--- Data to examine ---

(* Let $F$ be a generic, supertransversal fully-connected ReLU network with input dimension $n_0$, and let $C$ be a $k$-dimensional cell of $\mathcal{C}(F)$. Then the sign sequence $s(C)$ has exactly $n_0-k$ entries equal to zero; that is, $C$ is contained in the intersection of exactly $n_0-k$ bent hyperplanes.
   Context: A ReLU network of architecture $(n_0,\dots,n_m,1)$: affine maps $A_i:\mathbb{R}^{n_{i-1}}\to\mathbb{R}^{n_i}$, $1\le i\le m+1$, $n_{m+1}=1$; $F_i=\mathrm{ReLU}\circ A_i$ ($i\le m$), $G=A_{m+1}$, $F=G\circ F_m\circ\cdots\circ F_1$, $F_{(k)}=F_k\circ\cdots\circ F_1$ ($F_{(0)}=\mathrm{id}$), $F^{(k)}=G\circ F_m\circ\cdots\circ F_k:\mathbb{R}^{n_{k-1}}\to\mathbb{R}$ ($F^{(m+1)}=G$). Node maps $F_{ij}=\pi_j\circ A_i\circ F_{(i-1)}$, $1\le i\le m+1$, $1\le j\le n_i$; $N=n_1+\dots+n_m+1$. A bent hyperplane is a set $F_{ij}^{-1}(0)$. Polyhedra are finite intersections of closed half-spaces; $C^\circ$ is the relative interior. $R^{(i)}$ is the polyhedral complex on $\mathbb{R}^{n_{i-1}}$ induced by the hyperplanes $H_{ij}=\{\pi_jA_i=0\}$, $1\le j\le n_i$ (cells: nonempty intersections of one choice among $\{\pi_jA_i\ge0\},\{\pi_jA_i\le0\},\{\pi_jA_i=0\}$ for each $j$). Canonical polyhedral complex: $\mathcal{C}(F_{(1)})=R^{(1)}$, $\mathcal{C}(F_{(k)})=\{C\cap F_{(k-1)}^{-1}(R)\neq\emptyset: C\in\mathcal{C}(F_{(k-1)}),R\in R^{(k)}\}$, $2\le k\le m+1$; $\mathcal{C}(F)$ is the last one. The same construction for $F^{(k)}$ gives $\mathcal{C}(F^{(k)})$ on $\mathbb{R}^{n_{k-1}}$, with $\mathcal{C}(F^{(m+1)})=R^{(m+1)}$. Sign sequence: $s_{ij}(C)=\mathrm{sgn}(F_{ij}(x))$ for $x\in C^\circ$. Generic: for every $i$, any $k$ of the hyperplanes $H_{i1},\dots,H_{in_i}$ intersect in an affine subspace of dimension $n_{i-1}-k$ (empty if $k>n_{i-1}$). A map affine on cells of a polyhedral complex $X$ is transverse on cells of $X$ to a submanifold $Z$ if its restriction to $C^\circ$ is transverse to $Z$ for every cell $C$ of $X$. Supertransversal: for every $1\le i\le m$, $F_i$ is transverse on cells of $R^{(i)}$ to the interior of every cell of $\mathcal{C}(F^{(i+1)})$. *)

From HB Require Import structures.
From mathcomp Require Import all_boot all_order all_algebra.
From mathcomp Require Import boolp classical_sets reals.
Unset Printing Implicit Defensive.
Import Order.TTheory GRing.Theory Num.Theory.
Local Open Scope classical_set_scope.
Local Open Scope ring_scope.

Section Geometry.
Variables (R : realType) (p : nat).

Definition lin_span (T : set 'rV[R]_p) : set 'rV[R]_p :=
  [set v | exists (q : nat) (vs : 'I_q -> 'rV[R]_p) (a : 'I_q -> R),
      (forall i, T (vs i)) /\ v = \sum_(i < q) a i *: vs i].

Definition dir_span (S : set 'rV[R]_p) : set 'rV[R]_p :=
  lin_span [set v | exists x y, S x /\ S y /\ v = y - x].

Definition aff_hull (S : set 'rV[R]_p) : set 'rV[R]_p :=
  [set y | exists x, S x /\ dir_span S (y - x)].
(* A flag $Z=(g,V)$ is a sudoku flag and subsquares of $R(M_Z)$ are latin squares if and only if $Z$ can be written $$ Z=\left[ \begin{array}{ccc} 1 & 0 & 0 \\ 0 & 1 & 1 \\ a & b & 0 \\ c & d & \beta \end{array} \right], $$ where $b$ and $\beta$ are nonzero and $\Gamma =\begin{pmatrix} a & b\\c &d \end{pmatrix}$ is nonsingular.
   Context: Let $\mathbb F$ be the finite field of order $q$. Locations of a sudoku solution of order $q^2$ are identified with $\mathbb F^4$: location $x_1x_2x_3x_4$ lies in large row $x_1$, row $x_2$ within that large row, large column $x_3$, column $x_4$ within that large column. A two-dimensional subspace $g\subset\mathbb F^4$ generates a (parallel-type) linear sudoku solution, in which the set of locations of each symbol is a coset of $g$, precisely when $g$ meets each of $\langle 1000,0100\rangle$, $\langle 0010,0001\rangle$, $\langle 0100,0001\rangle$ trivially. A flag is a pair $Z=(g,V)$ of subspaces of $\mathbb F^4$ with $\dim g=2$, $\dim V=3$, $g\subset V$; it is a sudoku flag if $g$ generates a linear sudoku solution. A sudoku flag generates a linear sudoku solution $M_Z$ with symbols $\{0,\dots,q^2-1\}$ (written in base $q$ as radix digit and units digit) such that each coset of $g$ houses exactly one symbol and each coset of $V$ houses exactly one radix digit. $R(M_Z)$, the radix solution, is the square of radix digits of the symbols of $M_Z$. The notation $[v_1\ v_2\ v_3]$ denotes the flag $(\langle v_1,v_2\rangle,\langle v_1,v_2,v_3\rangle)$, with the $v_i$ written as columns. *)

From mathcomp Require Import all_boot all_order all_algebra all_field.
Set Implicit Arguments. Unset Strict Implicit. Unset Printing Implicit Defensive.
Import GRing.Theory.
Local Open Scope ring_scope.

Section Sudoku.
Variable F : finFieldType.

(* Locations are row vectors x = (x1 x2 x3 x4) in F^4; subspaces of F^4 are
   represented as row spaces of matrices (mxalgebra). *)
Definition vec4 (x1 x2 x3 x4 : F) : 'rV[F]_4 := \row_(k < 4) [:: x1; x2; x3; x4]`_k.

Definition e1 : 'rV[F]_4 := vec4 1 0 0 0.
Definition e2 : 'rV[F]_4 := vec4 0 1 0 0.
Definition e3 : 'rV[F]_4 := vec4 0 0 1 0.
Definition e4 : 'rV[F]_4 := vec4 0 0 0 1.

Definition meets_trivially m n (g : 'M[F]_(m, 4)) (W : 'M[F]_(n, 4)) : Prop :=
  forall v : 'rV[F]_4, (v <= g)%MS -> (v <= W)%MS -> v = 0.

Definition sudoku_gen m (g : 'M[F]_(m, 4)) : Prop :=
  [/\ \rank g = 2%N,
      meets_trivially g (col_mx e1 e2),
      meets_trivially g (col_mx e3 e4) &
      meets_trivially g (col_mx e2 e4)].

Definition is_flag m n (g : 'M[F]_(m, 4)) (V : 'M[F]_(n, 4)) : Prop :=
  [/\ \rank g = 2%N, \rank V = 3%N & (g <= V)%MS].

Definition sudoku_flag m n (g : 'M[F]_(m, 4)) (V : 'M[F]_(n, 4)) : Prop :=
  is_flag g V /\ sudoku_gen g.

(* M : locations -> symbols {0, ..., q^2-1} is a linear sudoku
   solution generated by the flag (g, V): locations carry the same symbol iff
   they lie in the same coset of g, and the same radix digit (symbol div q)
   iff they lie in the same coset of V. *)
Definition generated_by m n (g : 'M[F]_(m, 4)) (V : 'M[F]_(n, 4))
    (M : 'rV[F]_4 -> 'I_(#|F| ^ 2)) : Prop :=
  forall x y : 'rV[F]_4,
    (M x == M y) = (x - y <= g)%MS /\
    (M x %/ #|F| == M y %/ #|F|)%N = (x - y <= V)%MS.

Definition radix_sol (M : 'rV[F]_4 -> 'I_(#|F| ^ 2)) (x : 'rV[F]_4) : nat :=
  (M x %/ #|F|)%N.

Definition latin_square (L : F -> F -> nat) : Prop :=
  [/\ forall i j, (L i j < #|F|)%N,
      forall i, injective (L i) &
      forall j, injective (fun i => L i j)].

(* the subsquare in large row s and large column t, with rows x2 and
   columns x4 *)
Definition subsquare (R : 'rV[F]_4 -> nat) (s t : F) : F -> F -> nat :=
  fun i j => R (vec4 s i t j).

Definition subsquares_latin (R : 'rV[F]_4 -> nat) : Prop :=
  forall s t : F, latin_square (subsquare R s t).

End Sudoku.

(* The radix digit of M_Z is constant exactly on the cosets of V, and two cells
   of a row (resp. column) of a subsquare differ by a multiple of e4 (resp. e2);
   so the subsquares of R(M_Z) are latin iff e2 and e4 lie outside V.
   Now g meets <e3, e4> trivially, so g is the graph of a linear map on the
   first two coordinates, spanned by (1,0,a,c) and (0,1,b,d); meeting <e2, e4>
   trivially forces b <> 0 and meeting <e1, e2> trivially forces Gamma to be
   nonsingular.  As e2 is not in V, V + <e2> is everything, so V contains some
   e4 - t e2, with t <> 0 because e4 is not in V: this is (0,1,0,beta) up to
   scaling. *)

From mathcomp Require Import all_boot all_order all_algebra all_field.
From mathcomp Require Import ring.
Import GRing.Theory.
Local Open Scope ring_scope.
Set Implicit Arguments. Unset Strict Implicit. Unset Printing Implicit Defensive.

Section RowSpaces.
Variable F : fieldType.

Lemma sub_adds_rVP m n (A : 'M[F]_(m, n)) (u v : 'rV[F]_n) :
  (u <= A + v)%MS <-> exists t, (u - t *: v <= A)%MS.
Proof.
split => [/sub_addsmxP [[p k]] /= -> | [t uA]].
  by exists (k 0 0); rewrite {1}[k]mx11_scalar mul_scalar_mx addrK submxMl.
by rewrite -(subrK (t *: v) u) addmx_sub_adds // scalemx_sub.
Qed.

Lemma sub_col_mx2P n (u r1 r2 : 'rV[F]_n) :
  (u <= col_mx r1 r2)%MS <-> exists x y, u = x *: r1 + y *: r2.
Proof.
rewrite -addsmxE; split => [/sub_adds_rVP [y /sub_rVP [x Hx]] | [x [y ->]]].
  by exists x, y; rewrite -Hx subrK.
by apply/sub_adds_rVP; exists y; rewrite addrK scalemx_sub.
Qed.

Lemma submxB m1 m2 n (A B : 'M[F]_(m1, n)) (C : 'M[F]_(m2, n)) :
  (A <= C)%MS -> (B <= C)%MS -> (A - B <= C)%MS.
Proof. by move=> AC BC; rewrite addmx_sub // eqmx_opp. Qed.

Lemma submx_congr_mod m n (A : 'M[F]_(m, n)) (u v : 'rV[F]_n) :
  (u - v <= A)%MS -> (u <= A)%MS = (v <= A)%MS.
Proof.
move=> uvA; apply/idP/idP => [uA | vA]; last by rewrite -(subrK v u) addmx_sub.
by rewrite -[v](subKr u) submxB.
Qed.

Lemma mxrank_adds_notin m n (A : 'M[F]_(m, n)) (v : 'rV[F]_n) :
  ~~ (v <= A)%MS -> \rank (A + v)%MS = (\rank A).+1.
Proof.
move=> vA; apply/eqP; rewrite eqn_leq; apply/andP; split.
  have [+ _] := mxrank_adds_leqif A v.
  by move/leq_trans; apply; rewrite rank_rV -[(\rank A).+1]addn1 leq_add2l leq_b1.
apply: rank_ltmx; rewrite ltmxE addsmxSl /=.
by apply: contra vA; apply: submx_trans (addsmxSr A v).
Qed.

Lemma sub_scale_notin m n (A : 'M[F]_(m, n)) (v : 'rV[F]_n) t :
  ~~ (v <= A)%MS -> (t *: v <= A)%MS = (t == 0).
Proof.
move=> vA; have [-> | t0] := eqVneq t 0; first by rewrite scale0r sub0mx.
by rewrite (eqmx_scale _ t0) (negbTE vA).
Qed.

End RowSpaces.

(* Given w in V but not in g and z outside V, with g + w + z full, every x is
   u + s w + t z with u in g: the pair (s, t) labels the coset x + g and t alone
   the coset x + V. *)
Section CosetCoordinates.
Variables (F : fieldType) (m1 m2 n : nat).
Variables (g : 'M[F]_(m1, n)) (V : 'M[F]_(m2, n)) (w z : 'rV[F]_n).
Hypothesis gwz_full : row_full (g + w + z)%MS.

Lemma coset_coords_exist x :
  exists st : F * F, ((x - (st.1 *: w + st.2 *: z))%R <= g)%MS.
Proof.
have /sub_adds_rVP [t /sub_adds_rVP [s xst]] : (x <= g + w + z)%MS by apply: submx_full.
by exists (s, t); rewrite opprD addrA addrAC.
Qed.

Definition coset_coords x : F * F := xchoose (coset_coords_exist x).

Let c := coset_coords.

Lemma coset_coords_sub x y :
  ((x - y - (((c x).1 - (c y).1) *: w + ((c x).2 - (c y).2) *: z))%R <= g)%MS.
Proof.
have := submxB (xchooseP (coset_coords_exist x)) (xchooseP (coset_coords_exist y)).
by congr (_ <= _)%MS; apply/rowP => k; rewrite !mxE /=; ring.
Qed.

---

## Aim of the task
Starting with the line above that holds "forall s t : F, latin_square" and stopping with the line that holds "have [+ _] := mxrank_adds_leqif A v.", reproduce each line exactly, omitting all other lines.

## Result
  forall s t : F, latin_square (subsquare R s t).

End Sudoku.

(* The radix digit of M_Z is constant exactly on the cosets of V, and two cells
   of a row (resp. column) of a subsquare differ by a multiple of e4 (resp. e2);
   so the subsquares of R(M_Z) are latin iff e2 and e4 lie outside V.
   Now g meets <e3, e4> trivially, so g is the graph of a linear map on the
   first two coordinates, spanned by (1,0,a,c) and (0,1,b,d); meeting <e2, e4>
   trivially forces b <> 0 and meeting <e1, e2> trivially forces Gamma to be
   nonsingular.  As e2 is not in V, V + <e2> is everything, so V contains some
   e4 - t e2, with t <> 0 because e4 is not in V: this is (0,1,0,beta) up to
   scaling. *)

From mathcomp Require Import all_boot all_order all_algebra all_field.
From mathcomp Require Import ring.
Import GRing.Theory.
Local Open Scope ring_scope.
Set Implicit Arguments. Unset Strict Implicit. Unset Printing Implicit Defensive.

Section RowSpaces.
Variable F : fieldType.

Lemma sub_adds_rVP m n (A : 'M[F]_(m, n)) (u v : 'rV[F]_n) :
  (u <= A + v)%MS <-> exists t, (u - t *: v <= A)%MS.
Proof.
split => [/sub_addsmxP [[p k]] /= -> | [t uA]].
  by exists (k 0 0); rewrite {1}[k]mx11_scalar mul_scalar_mx addrK submxMl.
by rewrite -(subrK (t *: v) u) addmx_sub_adds // scalemx_sub.
Qed.

Lemma sub_col_mx2P n (u r1 r2 : 'rV[F]_n) :
  (u <= col_mx r1 r2)%MS <-> exists x y, u = x *: r1 + y *: r2.
Proof.
rewrite -addsmxE; split => [/sub_adds_rVP [y /sub_rVP [x Hx]] | [x [y ->]]].
  by exists x, y; rewrite -Hx subrK.
by apply/sub_adds_rVP; exists y; rewrite addrK scalemx_sub.
Qed.

Lemma submxB m1 m2 n (A B : 'M[F]_(m1, n)) (C : 'M[F]_(m2, n)) :
  (A <= C)%MS -> (B <= C)%MS -> (A - B <= C)%MS.
Proof. by move=> AC BC; rewrite addmx_sub // eqmx_opp. Qed.

Lemma submx_congr_mod m n (A : 'M[F]_(m, n)) (u v : 'rV[F]_n) :
  (u - v <= A)%MS -> (u <= A)%MS = (v <= A)%MS.
Proof.
move=> uvA; apply/idP/idP => [uA | vA]; last by rewrite -(subrK v u) addmx_sub.
by rewrite -[v](subKr u) submxB.
Qed.

Lemma mxrank_adds_notin m n (A : 'M[F]_(m, n)) (v : 'rV[F]_n) :
  ~~ (v <= A)%MS -> \rank (A + v)%MS = (\rank A).+1.
Proof.
move=> vA; apply/eqP; rewrite eqn_leq; apply/andP; split.
  have [+ _] := mxrank_adds_leqif A v.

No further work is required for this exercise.